Die Spirale dreht sich immer weiter. Die Aufrechterhaltung gleichwertiger Lebensbedingungen in den niedersächsischen Regionen ist nicht mehr möglich. Dieses von den Autoren Professor Eichhorn und Dr. Soyka beschriebene Szenario klingt zwar übertrieben, aber wenn wir durch Niedersachsen fahren, können wir bereits erste Ansätze dieses Szenarios in der heutigen Realität erkennen. Das Niedersächsische Institut für Wirtschaftsforschung fordert deshalb, der tiefgreifende demografische Wandel und seine Konsequenzen müssen in Politik und Verwaltung auf der Landesund auf der kommunalen Ebene thematisiert werden. Ich füge hinzu: Schon heute müssen entsprechende Weichenstellungen erfolgen, damit das eben beschriebene Szenario nicht Realität wird.

Meine Damen und Herren, die alte SPDLandesregierung hatte das Niedersächsische Institut für Wirtschaftsforschung beauftragt, ein Regionalmonitoring zur laufenden Beobachtung der regionalen Entwicklung in Niedersachsen aufzubauen; die Berichte für die Jahre 2003 und 2004 liegen vor. Die Berichte liefern uns die Basisdaten bzw. den jeweils aktuellen Entwicklungsstand und benennen schon Herausforderungen der nächsten Jahre.

Die Herausforderungen müssen allerdings auch von der Politik angenommen werden. Es gibt nicht ein Patentrezept, sondern es müssen je nach Betroffenheit der Regionen mit den Kommunen individuelle Lösungsansätze gefunden werden.

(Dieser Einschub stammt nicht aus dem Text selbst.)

Lemma dist_val_lower_fin (Z : {set S}) s a s' :
  s' \in Post P s a -> s' \notin r_inf -> s' \notin Z ->
  ninf_le (dist_val (Post P s a) (lower_on Z)) (Some r_bound).
Proof.
move=> Ps' s'_fin s'NZ; case rs': (r s') s'_fin => [k|]; last by rewrite inE rs'.
move=> _; apply: ninf_le_trans (dist_val_le_succ Ps' _) _.
  by rewrite /lower_on (negbTE s'NZ) rs'.
by rewrite /= ltnS; have := @leq_bigmax _ (fun s => odflt 0%N (r s)) s'; rewrite rs'.
Qed.

Lemma dist_val_lower_in (Z : {set S}) s a : a \in enabled P s -> Post P s a \subset Z ->
  dist_val (Post P s a) (lower_on Z) = Some r_bound.
Proof.
move=> Ea /fintype.subsetP PZ; have [s' Ps'] := Post_nonempty P_MDP Ea.
by apply: dist_val_cst Ps' _ => t /PZ Zt; rewrite /lower_on Zt.
Qed.

Lemma r_inf_sub_attractor (e : rel S) :
  (forall z, z \in r_inf :\: attractor e T ->
     ninf_le (Dtilde P o T (lower_on (r_inf :\: attractor e T)) z) (Some r_bound)) ->
  r_inf \subset attractor e T.
Proof.
move=> lower_pre; apply/fintype.subsetP => s s_inf; apply: contraT => sN.
have := lfp_lower_not_prefixed (@Dtilde_mono _ _ _ P o T) r_lfp _ lower_pre s.
by rewrite inE sN s_inf; apply => z /setDP[/r_infP].
Qed.

Section MinCase.
Hypothesis o_min : o = Omin.

Lemma r_inf_closed s a s' : s \in r_inf -> s \notin T -> a \in enabled P s ->
  s' \in Post P s a -> s' \in r_inf.
Proof.
move=> /r_infP rs sNT Ea Ps'; apply/r_infP; move: rs.
rewrite -r_fix DtildeE (negbTE sNT) o_min => /ninf_bigmin_None/(_ Ea) /dist_val_None.
exact.
Qed.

Was aber tut nun diese Landesregierung? - Herr Oetjen hat eben behauptet, dass man schon in diese Richtung arbeite. Professor Jung vom NIW betont, dass die Innovationsfähigkeit der Betriebe Motor der zukünftigen Entwicklung ist. Was kommt aber aus dem Wirtschaftsministerium? - Eine Broschüre für Innovationsschmiede und Markteroberer - alles Projekte, die von uns auf den Weg gebracht wurden, keine neuen, eigenen Impulse. Was neu ist unter Herrn Minister Hirche, was mit dem demografischen Wandel allerdings überhaupt nichts zu tun hat, sind bunte Taxis, Toilettenfreiheit für Stehcafés und Führerschein ab 17.

(Zuruf von der FDP: Trotzdem gute Initiativen!)

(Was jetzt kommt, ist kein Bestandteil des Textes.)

Lemma bpart_kappaU m k : (k <= m)%N ->
  hcomp (bpart m k.+1) (kappaU m.+1) = - hcomp (kappaU m) (bpart m k.+2).
Proof.
elim: k => [|k IHk] k_le.
  rewrite bpart1 face0_kappaU [bpart m 2]bpartS bpart1; hcomp_expand; abel.
rewrite [bpart m k.+2]bpartS compDl IHk ?(ltnW k_le) // hcompzl.
case: m k_le IHk => [|m] k_le IHk //.
rewrite face_kappaU // [bpart m.+1 k.+3]bpartS; hcomp_expand; abel.
Qed.

Lemma bS_kappaU m : hcomp (bS M m) (kappaU m.+1) = - hcomp (kappaU m) (bS M m).
Proof.
rewrite !bS_bpart [bpart m m.+2 in LHS]bpartS compDl hcompzl face_last_kappaU.
by rewrite bpart_kappaU // mul0rz addr0.
Qed.

Lemma bpart_kappaU_pow m j k : (j + k <= m.+1)%N ->
  hcomp (bpart m j.+1) (endo_pow (kappaU m.+1) k) =
  hcomp (endo_pow (kappaU m) k) (bpart m (j + k).+1) *~ sgn k.
Proof.
elim: k j => [|k IHk] j jk_le; first by rewrite /= comp1m compm1 addn0 mulrz_sgn0.
rewrite !endo_powS hcompA bpart_kappaU; last lia.
rewrite hcompNl -hcompA IHk; last lia.
by rewrite hcompzr hcompA addnS addSn mulrz_sgnS.
Qed.

Lemma bS_kappaU_pow m k :
  hcomp (bS M m) (endo_pow (kappaU m.+1) k) = hcomp (endo_pow (kappaU m) k) (bS M m) *~ sgn k.
Proof.
elim: k => [|k IHk]; first by rewrite /= comp1m compm1 mulrz_sgn0.
rewrite !endo_powSr hcompA IHk hcompzl -hcompA bS_kappaU hcompNr hcompA.
by rewrite mulrz_sgnS mulNrz.
Qed.

Lemma bS_kappa_pow m k :
  hcomp (bS M m) (endo_pow (kappa M m.+1) k) = hcomp (endo_pow (kappa M m) k) (bS M m).
Proof.
rewrite !kappa_sgn !endo_powMz hcompzr hcompzl bS_kappaU_pow -mulrzA sgnS exprNn.
by rewrite -/(sgn k) mulrA mulsgn_self mul1r.
Qed.

(** * The Dwyer-Kan and Connes operators *)

Lemma kappaU_degen0 n : hcomp (kappaU n.+1) (degen M n 0) = 0.
Proof.
by rewrite /kappaU; hcomp_expand; rewrite tau_degen0 -hcompA face_degen_id // compm1 subrr.
Qed.

Lemma kappaU_degenS n i : (i <= n)%N ->
  hcomp (kappaU n.+2) (degen M n.+1 i.+1) = hcomp (degen M n.+1 i) (kappaU n.+1).
Proof.
move=> i_le.
have face0_degen : hcomp (face M n.+1 0) (degen M n.+1 i.+1) = hcomp (degen M n i) (face M n 0).
  by rewrite face_degen_lt //; lia.
have degen_degen_last :
    hcomp (degen M n.+1 i) (degen M n n.+1) = hcomp (degen M n.+1 n.+2) (degen M n i).
  by rewrite degen_degen //; lia.
rewrite /kappaU; hcomp_expand; rewrite tau_degenS ?(leqW i_le) //.
by rewrite -hcompA face0_degen hcompA -degen_degen_last -hcompA.
Qed.

Lemma kappaU_pow_degen n k i : (k <= i)%N -> (i <= n.+1)%N ->
  hcomp (endo_pow (kappaU n.+2) k) (degen M n.+1 i) =
  hcomp (degen M n.+1 (i - k)) (endo_pow (kappaU n.+1) k).
Proof.
move=> + i_le; elim: k => [|k IHk] k_le; first by rewrite /= comp1m compm1 subn0.
rewrite !endo_powS -hcompA IHk ?(ltnW k_le) // hcompA.
rewrite (_ : i - k = (i - k.+1).+1)%N ?kappaU_degenS ?hcompA //; lia.
Qed.

(* [K^(n+1) s_j = K^(n-j) (K s_0) K^j] and [K s_0 = 0]. *)
Lemma kappaU_pow_degen_eq0 n j : (j < n.+1)%N ->
  hcomp (endo_pow (kappaU n.+2) n.+1) (degen M n.+1 j) = 0.
Proof.
move=> j_lt; have -> : endo_pow (kappaU n.+2) n.+1 =
    hcomp (endo_pow (kappaU n.+2) (n - j)) (endo_pow (kappaU n.+2) j.+1).
  by rewrite -endo_powD; congr endo_pow; lia.
rewrite endo_powS -!hcompA kappaU_pow_degen ?(ltnW j_lt) // subnn.
by rewrite [hcomp (kappaU n.+2) _]hcompA kappaU_degen0 hcomp0l hcomp0r.
Qed.

Lemma bS_degen0 m :
  hcomp (bS M m.+1) (degen M m.+1 0) = - hcomp (degen M m 0) (bS M m - face M m 0).
Proof.
by rewrite !bS_bpart (@bpart_degen m 0 m.+1) // bpart0 hcomp0r bpart1 sub0r.
Qed.

Lemma bS_sub_face0_kappaU_pow m :
  hcomp (bS M m - face M m 0) (endo_pow (kappaU m.+1) m.+1) = 0.
Proof.
by rewrite hcompBl -bpart1 bpart_kappaU_pow // bS_kappaU_pow -bS_bpart subrr.
Qed.

Lemma piDK_kappaU n :
  piDK M n = hcomp (endo_pow (kappaU n) n) (hcomp (bS M n) (degen M n n.+1) + idm _ *~ sgn n).
Proof.
rewrite /piDK kappa_sgn endo_powMz sgnS_exp_self mulr1z hcompA -bpart1.
rewrite (@bpart_kappaU_pow n 0 n) // hcompzl mulrz_sgnK -hcompA; congr hcomp.
by rewrite add0n bS_bpart [bpart n n.+2]bpartS; hcomp_expand; rewrite face_degen_id //; abel.
Qed.

Lemma kappaU_pow_bS_dpart m :
  hcomp (endo_pow (kappaU m.+1) m.+1) (hcomp (bS M m.+1) (dpart m.+1 m.+2)) = 0.
Proof.
have K_dpart : hcomp (endo_pow (kappaU m.+2) m.+1) (dpart m.+1 m.+1) = 0.
  rewrite /dpart hcomp_sumr big1 // => j _.
  by rewrite hcompzr kappaU_pow_degen_eq0 // mul0rz.
rewrite hcompA -[hcomp _ (bS M m.+1)](@mulrz_sgnK _ _ m.+1) -bS_kappaU_pow hcompzl -hcompA.
rewrite dpartS compDr K_dpart add0r hcompzr kappaU_pow_degen // subnn hcompzr.
by rewrite hcompA bS_degen0 hcompNl -hcompA bS_sub_face0_kappaU_pow hcomp0r oppr0 !mul0rz.
Qed.

Lemma piDK_eq n : piDK M n =
  endo_pow (kappa M n) n - hcomp (hcomp (bS M n) (dd M n)) (endo_pow (kappa M n) n).
Proof.
case: n => [|m]; first by rewrite /piDK /= comp1m compm1 mulrz_sgn0 bd0 subKr.
rewrite -hcompA dd_kappa_pow hcompA bS_kappa_pow -hcompA.
rewrite !kappa_sgn endo_powMz sgn_exp_self piDK_kappaU dd_dpart dpartS.
hcomp_expand; rewrite kappaU_pow_bS_dpart; hcomp_expand; rewrite compm1; abel.
Qed.

Lemma connesB_homotopy n :
  hcomp (bS M n) (connesB M n) + Bb_low M n = idm (Mo M n) - piDK M n.
Proof.
case: n => [|m].
  by rewrite /connesB big_ord1 /= compm1 addr0 piDK_eq /= !compm1; abel.
rewrite /= /connesB hcomp_sumr hcomp_suml.
under eq_bigr do rewrite hcompA.
under [in X in _ + X = _]eq_bigr do rewrite -hcompA -bS_kappa_pow hcompA.
have homotopy_sum :
    \sum_(i < m.+1) hcomp (hcomp (bS M m.+1) (dd M m.+1)) (endo_pow (kappa M m.+1) i) +
    \sum_(i < m.+1) hcomp (hcomp (dd M m) (bS M m)) (endo_pow (kappa M m.+1) i) =
    idm _ - endo_pow (kappa M m.+1) m.+1.
  rewrite -big_split -sum_endo_pow_telescope /=.
  by apply: eq_bigr => i _; rewrite -compDl bd_add_db.
rewrite big_ord_recr [X in endo_pow _ X]/= addrAC homotopy_sum piDK_eq; abel.
Qed.

Lemma connesB_connesB n : hcomp (connesB M n.+1) (connesB M n) = 0.
Proof.
rewrite /connesB hcomp_suml big1 // => i _; rewrite hcomp_sumr big1 // => j _.
by rewrite -hcompA [hcomp (endo_pow _ i) _]hcompA -dd_kappa_pow -hcompA hcompA dd_dd hcomp0l.
Qed.

End Duplicial.

Theorem mainTheorem17 (A : preadditive) (M : duplicial A) (n : nat) :
  hcomp (bS M n) (connesB M n) + Bb_low M n = idm (Mo M n) - piDK M n /\
  hcomp (connesB M n.+1) (connesB M n) = 0.
Proof. by split; [exact: connesB_homotopy | exact: connesB_connesB]. Qed.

Wo aber bleibt, Herr Oetjen, die Umsetzung des Masterplans Harz, im Übrigen bereits für 2004 angekündigt? Die Landkreise haben zügig gearbeitet. Es fehlt die Antwort des Wirtschaftsministeriums.

Meine Damen und Herren, wir haben keine Erkenntnisdefizite, wir haben eindeutig Handlungsdefizite.

(Beifall bei der SPD und bei den GRÜNEN)

Dieses Wirtschaftministerium ist handlungsunfähig. Es gibt keine Impulse, und, Herr Minister Hirche - der leider nicht mehr anwesend ist -, es gibt Stimmen aus dem Land - und diese Stimmen mehren sich -, die sagen, es würde bald keiner mehr merken, wenn dieses Wirtschaftsministerium abgeschafft würde. Das Resultat: Die Lebensbedingungen in den niedersächsischen Regionen driften immer weiter auseinander.

Aus dem Kultusministerium kommt eine Schulreform, und im Gegensatz zu der Ansage von Herrn Oetjen ist das eine Schulreform,

(Jan-Christoph Oetjen [FDP]: Für den ländlichen Raum!)

die schon heute erkennbar unter dem Gesichtspunkt des demografischen Wandels die Schließung der kleinen Schulstandorte beschleunigen wird.